### Data
(* For every positive integer $m$, the Bayesian Price of Anarchy of the proportional allocation mechanism over instances with $m$ resources in which all valuation functions are concave is at least $\frac{\sqrt{m}}{2}$. That is, there exist an instance with $m$ resources and concave valuations (in every realization) and a Bayesian Nash equilibrium $\mathbf{B}$ of it such that $\mathbb{E}_{\mathbf{v}}[\mathrm{SW}(\mathbf{o}^{\mathbf{v}})] \ge \frac{\sqrt{m}}{2}\, \mathbb{E}_{\mathbf{v},\mathbf{b}\sim \mathbf{B}(\mathbf{v})}[\mathrm{SW}(\mathbf{b})]$.
   Context: There are $n$ agents and $m$ divisible resources, each of unit supply. Each agent $i$ has a valuation $v_i:[0,1]^m\to\mathbb{R}_{\ge 0}$ with $v_i(\mathbf{0})=0$ that is monotone non-decreasing (componentwise). A valuation is concave if it is a concave function on $[0,1]^m$. Proportional allocation mechanism: each agent $i$ submits a bid $b_{ij}\ge 0$ for every resource $j$; agent $i$ receives the fraction $x_{ij}(\mathbf{b})=b_{ij}/\sum_{k=1}^n b_{kj}$ of resource $j$ (if all bids on $j$ are $0$, the allocation of $j$ is defined arbitrarily but consistently) and pays $q_i(\mathbf{b})=\sum_{j}b_{ij}$. The utility is $u_i(\mathbf{b})=v_i(x_i(\mathbf{b}))-q_i(\mathbf{b})$, where $x_i=(x_{ij})_j$. The social welfare of an allocation is $\mathrm{SW}(\mathbf{x})=\sum_i v_i(x_i)$ and $\mathrm{SW}(\mathbf{b})=\mathrm{SW}(\mathbf{x}(\mathbf{b}))$; $\mathbf{o}^{\mathbf{v}}$ denotes a welfare-maximizing allocation (with $x_{ij}\ge0$, $\sum_i x_{ij}\le 1$) for valuation profile $\mathbf{v}$. Bayesian setting: each $v_i$ is drawn independently from a publicly known distribution $D_i$ over a set $V_i$ of valuations. A Bayesian Nash equilibrium is a profile $\mathbf{B}(\mathbf{v})=\times_i B_i(v_i)$, where $B_i(v_i)$ is a distribution over bid vectors of agent $i$, such that for every agent $i$, every $v_i$ and every bid vector $b_i'$, $\mathbb{E}_{\mathbf{v}_{-i},\mathbf{b}}[u_i(\mathbf{b})]\ge \mathbb{E}_{\mathbf{v}_{-i},\mathbf{b}}[u_i(b_i',\mathbf{b}_{-i})]$ (utilities evaluated with agent $i$'s valuation $v_i$). The Bayesian Price of Anarchy over a class of instances is the supremum, over instances in the class and Bayesian Nash equilibria $\mathbf{B}$, of $\mathbb{E}_{\mathbf{v}}[\mathrm{SW}(\mathbf{o}^{\mathbf{v}})]/\mathbb{E}_{\mathbf{v},\mathbf{b}\sim\mathbf{B}}[\mathrm{SW}(\mathbf{b})]$. *)

From mathcomp Require Import all_boot all_order all_algebra.
From mathcomp Require Import reals.
Set Implicit Arguments. Unset Strict Implicit. Unset Printing Implicit Defensive.
Import Order.TTheory GRing.Theory Num.Theory.
Local Open Scope ring_scope.

Section PropAlloc.
Variable R : realType.
Variables (n m K L : nat).
(* agents: 'I_n, resources: 'I_m,
   types of each agent: 'I_K (finite-support prior D_i),
   pure bids in the support of a mixed strategy: 'I_L *)

Definition in_cube (x : 'I_m -> R) : Prop := forall j, 0 <= x j <= 1.

Definition valuation (v : ('I_m -> R) -> R) : Prop :=
  v (fun _ => 0) = 0 /\
  (forall x, in_cube x -> 0 <= v x) /\
  (forall x y, in_cube x -> in_cube y -> (forall j, x j <= y j) -> v x <= v y).

Definition concave_valuation (v : ('I_m -> R) -> R) : Prop :=
  forall x y (t : R), in_cube x -> in_cube y -> 0 <= t <= 1 ->
    t * v x + (1 - t) * v y <= v (fun j => t * x j + (1 - t) * y j).

Definition alloc (b : 'I_n -> 'I_m -> R) (i : 'I_n) : 'I_m -> R :=
  fun j => let tot := \sum_(k < n) b k j in if tot == 0 then 0 else b i j / tot.

Definition payment (b : 'I_n -> 'I_m -> R) (i : 'I_n) : R := \sum_(j < m) b i j.

(* prior: agent i has type k with probability p i k and valuation val i k *)
Variable p : 'I_n -> 'I_K -> R.
Variable val : 'I_n -> 'I_K -> ('I_m -> R) -> R.
(* strategy: agent i of type k plays bid vector bid i k l with probability q i k l *)
Variable q : 'I_n -> 'I_K -> 'I_L -> R.
Variable bid : 'I_n -> 'I_K -> 'I_L -> 'I_m -> R.

Definition bayesian_instance : Prop :=
  (forall i k, 0 <= p i k) /\ (forall i, \sum_(k < K) p i k = 1) /\
  (forall i k, valuation (val i k)).

Definition all_concave : Prop := forall i k, concave_valuation (val i k).

Definition mixed_strategies : Prop :=
  (forall i k l, 0 <= q i k l) /\ (forall i k, \sum_(l < L) q i k l = 1) /\
  (forall i k l j, 0 <= bid i k l j).

Definition bids (t : {ffun 'I_n -> 'I_K}) (s : {ffun 'I_n -> 'I_L}) : 'I_n -> 'I_m -> R :=
  fun i => bid i (t i) (s i).

Definition prob_v (t : {ffun 'I_n -> 'I_K}) : R := \prod_(i < n) p i (t i).
Definition prob_b (t : {ffun 'I_n -> 'I_K}) (s : {ffun 'I_n -> 'I_L}) : R :=
  \prod_(i < n) q i (t i) (s i).

Definition SW (t : {ffun 'I_n -> 'I_K}) (x : 'I_n -> 'I_m -> R) : R :=
  \sum_(i < n) val i (t i) (x i).

Definition expected_SW : R :=
  \sum_(t : {ffun 'I_n -> 'I_K}) prob_v t *
    \sum_(s : {ffun 'I_n -> 'I_L}) prob_b t s * SW t (alloc (bids t s)).

(* E_{v_{-i}, b}[u_i(b'')] for agent i of type k, where b'' is the bid profile
   b with agent i's bid possibly replaced by dev (None = no replacement) *)
Definition expected_utility (i : 'I_n) (k : 'I_K) (dev : option ('I_m -> R)) : R :=
  \sum_(t : {ffun 'I_n -> 'I_K} | t i == k) (\prod_(j < n | j != i) p j (t j)) *
    \sum_(s : {ffun 'I_n -> 'I_L}) prob_b t s *
      (let b := fun j => if j == i then (if dev is Some b' then b' else bids t s j)
                         else bids t s j in
       val i k (alloc b i) - payment b i).

Definition bayes_nash_eq : Prop :=
  forall (i : 'I_n) (k : 'I_K) (b' : 'I_m -> R), (forall j, 0 <= b' j) ->
    expected_utility i k (Some b') <= expected_utility i k None.

(* an allocation for every valuation profile (indexed by the type profile) *)
Definition feasible_allocations (o : {ffun 'I_n -> 'I_K} -> 'I_n -> 'I_m -> R) : Prop :=
  forall t, (forall i j, 0 <= o t i j) /\ (forall j, \sum_(i < n) o t i j <= 1).

Definition expected_SW_alloc (o : {ffun 'I_n -> 'I_K} -> 'I_n -> 'I_m -> R) : R :=
  \sum_(t : {ffun 'I_n -> 'I_K}) prob_v t * SW t (o t).

End PropAlloc.

From mathcomp Require Import all_boot all_order all_algebra.
From mathcomp Require Import reals.
From mathcomp Require Import ring lra.
Set Implicit Arguments. Unset Strict Implicit. Unset Printing Implicit Defensive.
Import Order.TTheory GRing.Theory Num.Theory.
Local Open Scope ring_scope.

(* Agent 0 values a bundle [y] at [sqrt m * min_j y_j] (perfect complements); agent 1
   wants a single resource [k], drawn uniformly, and values [y] at [y_k].  With
   [r = sqrt m] and [u = (1 + r)^-2], agent 0 bidding [u] on every resource and agent 1
   bidding [r u] on [k] is a Bayesian equilibrium: [r u] is agent 1's best response
   to [u], and agent 0's payoff [r b_k / (b_k + r u)] is bounded by its tangent at
   [b_k = u], whose average over [k] is the equilibrium payoff [r u].  In equilibrium
   both agents get value [r / (1 + r)], so the welfare is below 2, whereas giving
   everything to agent 0 yields [r]. *)

Lemma big_ord2 (R : Type) (idx : R) (op : Monoid.law idx) (F : 'I_2 -> R) :
  \big[op/idx]_(i < 2) F i = op (F ord0) (F ord_max).
Proof.
by rewrite !big_ord_recl big_ord0 Monoid.mulm1; congr (op _ (F _)); apply/val_inj.
Qed.

Lemma ord2P (i : 'I_2) : i = ord0 \/ i = ord_max.
Proof. by case: i => -[|[|//]] lti; [left | right]; apply/val_inj. Qed.

Lemma big_ffun_ord1 (R : nmodType) (T : finType) (F : {ffun T -> 'I_1} -> R) :
  \sum_s F s = F [ffun=> ord0].
Proof.
apply: big_pred1 => s /=; symmetry; apply/eqP/ffunP => x.
by rewrite ffunE; apply/val_inj; case: (s x) => -[].
Qed.

Lemma sum_ffun2_fix0 (R : pzSemiRingType) (T : finType) (k : T) (G : T -> R) :
  \sum_(t : {ffun 'I_2 -> T} | t ord0 == k) G (t ord_max) = \sum_j G j.
Proof.
pose F (z : 'I_2) (j : T) := if z == ord0 then (j == k)%:R else G j.
rewrite big_mkcond /=; transitivity (\sum_(t : {ffun 'I_2 -> T}) \prod_(z < 2) F z (t z)).
  apply: eq_bigr => t _; rewrite big_ord2 /F /=.
  by case: eqP => _; rewrite /= ?mulr1n ?mulr0n ?mul1r ?mul0r.
rewrite -bigA_distr_bigA big_ord2 /F /= (bigD1 k) //= eqxx.
by rewrite big1 ?addr0 /= ?mulr1n ?mul1r // => j /negPf ->.
Qed.

Lemma prodr_const_neq (R : pzSemiRingType) (n : nat) (i : 'I_n) (c : R) :
  \prod_(j < n | j != i) c = c ^+ n.-1.
Proof. by rewrite prodr_const cardC1 card_ord. Qed.

Section Uniform_prior_pure_strategies.
Variables (R : realType) (n m K : nat) (c : R).
Variable val : 'I_n -> 'I_K -> ('I_m -> R) -> R.
Variable bid : 'I_n -> 'I_K -> 'I_1 -> 'I_m -> R.

Let s0 : {ffun 'I_n -> 'I_1} := [ffun=> ord0].

Definition deviate (b : 'I_n -> 'I_m -> R) (i : 'I_n) (dev : option ('I_m -> R)) :
    'I_n -> 'I_m -> R :=
  fun j => if j == i then (if dev is Some b' then b' else b j) else b j.

Lemma prob_b_pure (t : {ffun 'I_n -> 'I_K}) (s : {ffun 'I_n -> 'I_1}) :
  prob_b (fun _ _ _ => 1 : R) t s = 1.
Proof. exact: big1. Qed.

Lemma expected_SW_uniform_pure :
  expected_SW (fun _ _ => c) val (fun _ _ _ => 1) bid =
  \sum_t c ^+ n * SW val t (alloc (bids bid t s0)).
Proof.
apply: eq_bigr => t _; rewrite big_ffun_ord1 prob_b_pure mul1r.
by rewrite /prob_v prodr_const card_ord.
Qed.

Lemma expected_utility_uniform_pure i k dev :
  expected_utility (fun _ _ => c) val (fun _ _ _ => 1) bid i k dev =
  \sum_(t : {ffun 'I_n -> 'I_K} | t i == k) c ^+ n.-1 *
    (val i k (alloc (deviate (bids bid t s0) i dev) i)
       - payment (deviate (bids bid t s0) i dev) i).
Proof.
apply: eq_bigr => t _; rewrite big_ffun_ord1 prob_b_pure mul1r.
by rewrite prodr_const_neq.
Qed.

End Uniform_prior_pure_strategies.

Section Leontief_valuation.
Variables (R : realType) (m : nat).

(* The neutral element [1] is the top of [0, 1], so it only matters when [m = 0]. *)
Definition leontief (c : R) (y : 'I_m -> R) : R := c * \big[Order.min/1]_(j < m) y j.

Lemma leontief_valuation c : (0 < m)%N -> 0 <= c -> valuation (leontief c).
Proof.
move=> m_gt0 c_ge0; rewrite /valuation /leontief; split; last split.
- rewrite (_ : \big[Order.min/1]_(j < m) 0 = 0) ?mulr0 //.
  by apply/le_anti; rewrite (bigmin_le _ (Ordinal m_gt0) (fun=> 0)) le_bigmin ?ler01.
- move=> y y01; apply: mulr_ge0 => //.
  by apply: le_bigmin => [|j _]; [exact: ler01 | case/andP: (y01 j)].
- move=> y z _ _ le_yz; apply: ler_wpM2l => //.
  apply: le_bigmin => [|j _]; first exact: bigmin_le_id.
  exact: le_trans (bigmin_le _ j _) (le_yz j).
Qed.

Lemma leontief_concave c : 0 <= c -> concave_valuation (leontief c).
Proof.
move=> c_ge0 x y t _ _ /andP[t_ge0 t_le1]; rewrite /leontief.
rewrite mulrCA [(1 - t) * _]mulrCA -mulrDr; apply: ler_wpM2l => //.
have t'_ge0 : 0 <= 1 - t by lra.
have min_le1 (z : 'I_m -> R) : \big[Order.min/1]_(j < m) z j <= 1 := bigmin_le_id _ _ _ _.
apply: le_bigmin => [|j _].
  have := ler_wpM2l t_ge0 (min_le1 x); have := ler_wpM2l t'_ge0 (min_le1 y).
  rewrite !mulr1; lra.
exact: lerD (ler_wpM2l t_ge0 (bigmin_le _ j x)) (ler_wpM2l t'_ge0 (bigmin_le _ j y)).
Qed.

Lemma coord_valuation (k : 'I_m) : valuation (fun y : 'I_m -> R => y k).
Proof. by split=> //; split=> // y /(_ k) /andP[]. Qed.

Lemma coord_concave (k : 'I_m) : concave_valuation (fun y : 'I_m -> R => y k).
Proof. by []. Qed.

End Leontief_valuation.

### Instructions to follow
The required answer is the exact run of lines above starting at the line with "Definition valuation (v" and ending at the line with "Definition payment (b", with both ends present.

### Output for this task
Definition valuation (v : ('I_m -> R) -> R) : Prop :=
  v (fun _ => 0) = 0 /\
  (forall x, in_cube x -> 0 <= v x) /\
  (forall x y, in_cube x -> in_cube y -> (forall j, x j <= y j) -> v x <= v y).

Definition concave_valuation (v : ('I_m -> R) -> R) : Prop :=
  forall x y (t : R), in_cube x -> in_cube y -> 0 <= t <= 1 ->
    t * v x + (1 - t) * v y <= v (fun j => t * x j + (1 - t) * y j).

Definition alloc (b : 'I_n -> 'I_m -> R) (i : 'I_n) : 'I_m -> R :=
  fun j => let tot := \sum_(k < n) b k j in if tot == 0 then 0 else b i j / tot.

Definition payment (b : 'I_n -> 'I_m -> R) (i : 'I_n) : R := \sum_(j < m) b i j.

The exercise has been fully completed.